Exercise directions: Among the entries, find the lines with the string "subsetP" and report them.

Saved entries:
===============

Lemma card_A_set_large : 0 < k' -> 0 < N ->
  ((k'.-1 ^ 2 * 512)%:R <= eps * N%:R)%R ->
  3 * 2 ^ N <= 4 * #|[set W | k' < 2 * size (A_set adj R x y W)]|.
Proof.
move=> k'_gt0 N_gt0 k'_small.
set bad := [set W | k' <= 2 * (outliers W + collisions W)].
have card_bad : #|bad| * 4 <= 2 ^ N.
  have := markov_card_nat (f := fun W => 2 * (outliers W + collisions W)) (a := k') (fun W => id).
  rewrite -big_distrr big_split /=.
  have := sum_outliers N_gt0; have := sum_collisions k'_small.
  set So := \sum_W outliers W; set Sc := \sum_W collisions W.
  rewrite -/bad => SC SO markov; rewrite -(leq_pmul2l k'_gt0).
  by move: (2 ^ N) #|bad| SC SO markov => P b; lia.
have good : ~: bad \subset [set W | k' < 2 * size (A_set adj R x y W)].
  by apply/subsetP => W; rewrite !inE -ltnNge => lt_k'; have := leq_size_A_set W; lia.
have := cardsC bad; rewrite card_set_of => card_split.
have := subset_leq_card good; lia.
Qed.

End PairMatchingCounts.

Lemma natr_le_scale_lt (R : realFieldType) (e s : R) (t k : nat) :
  0 <= e <= 1 -> 1 <= s < k.+1%:R -> t%:R <= e / 32 * s -> (t < k)%N.
Proof.
move=> /andP[e_ge0 e_le1] /andP[s_ge1 s_lt_k1] t_le; rewrite -natr1 in s_lt_k1.
have es_le_s : e * s <= s by rewrite ler_piMl // (le_trans ler01).
have k_ge1 : 1 <= k%:R :> R by rewrite ler1n -(ltr_nat R); lra.
by rewrite -(ltr_nat R); lra.
Qed.

Lemma natr_le_scale_sqr (R : realFieldType) (e eps s : R) (t : nat) :
  0 <= e <= 1 -> e <= eps -> t%:R <= e / 32 * s -> (t ^ 2 * 512)%:R <= eps * s ^+ 2.
Proof.
move=> /andP[e_ge0 e_le1] e_le_eps t_le; rewrite natrM natrX.
have t_ge0 : 0 <= t%:R :> R by [].
have : t%:R ^+ 2 <= (e / 32 * s) ^+ 2 by nra.
have s2_ge0 : 0 <= s ^+ 2 by rewrite sqr_ge0.
have e2_le_e : e ^+ 2 <= e by rewrite expr2 ler_piMl.
have := ler_wpM2r s2_ge0 e2_le_e; have := ler_wpM2r s2_ge0 e_le_eps.
have := mulr_ge0 e_ge0 s2_ge0.
have -> : (e / 32 * s) ^+ 2 = e ^+ 2 * s ^+ 2 / 1024 by field.
lra.
Qed.

(* Only the first t+1 ~ (e/32) sqrt n pairs are used, so that collisions stay rare. *)
Lemma card_A_set_large_scaled (R : realType) (eps e : R) (V1 V2 : finType)
    (adj : V1 -> V2 -> bool) (k : nat) (x y : 'I_k -> V1) :
  0 < e <= 1 -> e <= eps -> (0 < #|V2|)%N ->
  Num.sqrt (#|V2|%:R : R) < k.+1%:R -> pair_matching adj eps x y ->
  (3 * 2 ^ #|V2| <= 4 * #|[set W : {set V2} |
      (e / 64 * Num.sqrt (#|V2|%:R : R) <= (size (A_set adj R x y W))%:R)%R]|)%N.
Proof.
move=> /andP[e_gt0 e_le1] e_le_eps N_gt0 s_lt_k1 matching.
set s := Num.sqrt _ in s_lt_k1 *.
have s_ge1 : 1 <= s by rewrite -sqrtr1 ler_sqrt // ler1n.
have e01 : 0 <= e <= 1 by rewrite e_le1 ltW.
pose t := Num.truncn (e / 32 * s).
have t_le : t%:R <= e / 32 * s by rewrite truncn_le mulr_ge0 ?divr_ge0 ?ltW //; lra.
have lt_t : e / 32 * s < t.+1%:R by rewrite truncnS_gt.
have t_lt_k : (t < k)%N by apply: natr_le_scale_lt e01 _ t_le; rewrite s_ge1.
have := natr_le_scale_sqr e01 e_le_eps t_le; rewrite sqr_sqrtr ?ler0n // => t_small.
apply: leq_trans (card_A_set_large matching t_lt_k (ltn0Sn t) N_gt0 t_small) _.
rewrite leq_mul2l subset_leq_card ?orbT //; apply/subsetP => W.
by rewrite !inE -(ltr_nat R) natrM => lt_A; lra.
Qed.

Unset Implicit Arguments.

Theorem lemma3p4 (R : realType) :
  forall eps : R, 0 < eps ->
  exists delta : R, 0 < delta /\
  forall (V1 V2 : finType) (adj : V1 -> V2 -> bool) (k : nat)
         (x y : 'I_k -> V1),
    (#|V2| <= 2 * #|V1|)%N ->
    (* k = |V2|^0.5, rounded down *)
    (k%:R <= Num.sqrt (#|V2|%:R : R) < k.+1%:R) ->
    pair_matching adj eps x y ->
    (* W uniform among all subsets of V2 *)
    (#|[set W : {set V2} |
          delta * Num.sqrt (#|V2|%:R : R) <= (size (A_set adj R x y W))%:R]|%:R
       / #|{: {set V2}}|%:R : R) >= 3 / 4.
Proof.
move=> eps eps_gt0; pose e := Num.min 1 eps.
have e01 : 0 < e <= 1 by rewrite lt_min eps_gt0 ltr01 ge_min lexx.
have e_le_eps : e <= eps by rewrite ge_min lexx orbT.
exists (e / 64); split => [|V1 V2 adj k x y _ /andP[_ s_lt_k1] matching].
  by rewrite divr_gt0 // (andP e01).1.
rewrite card_set_of ler_pdivlMr ?ltr0n ?expn_gt0 //.
have [N0|N_gt0] := posnP #|V2|.
  rewrite (_ : [set W | _] = setT) ?cardsT ?card_set_of N0; first lra.
  by apply/setP => W; rewrite !inE sqrtr0 mulr0 ler0n.
have := card_A_set_large_scaled e01 e_le_eps N_gt0 s_lt_k1 matching.
by rewrite -(ler_nat R) !natrM; lra.
Qed.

===============

Task solution:
  by apply/subsetP => W; rewrite !inE -ltnNge => lt_k'; have := leq_size_A_set W; lia.
rewrite leq_mul2l subset_leq_card ?orbT //; apply/subsetP => W.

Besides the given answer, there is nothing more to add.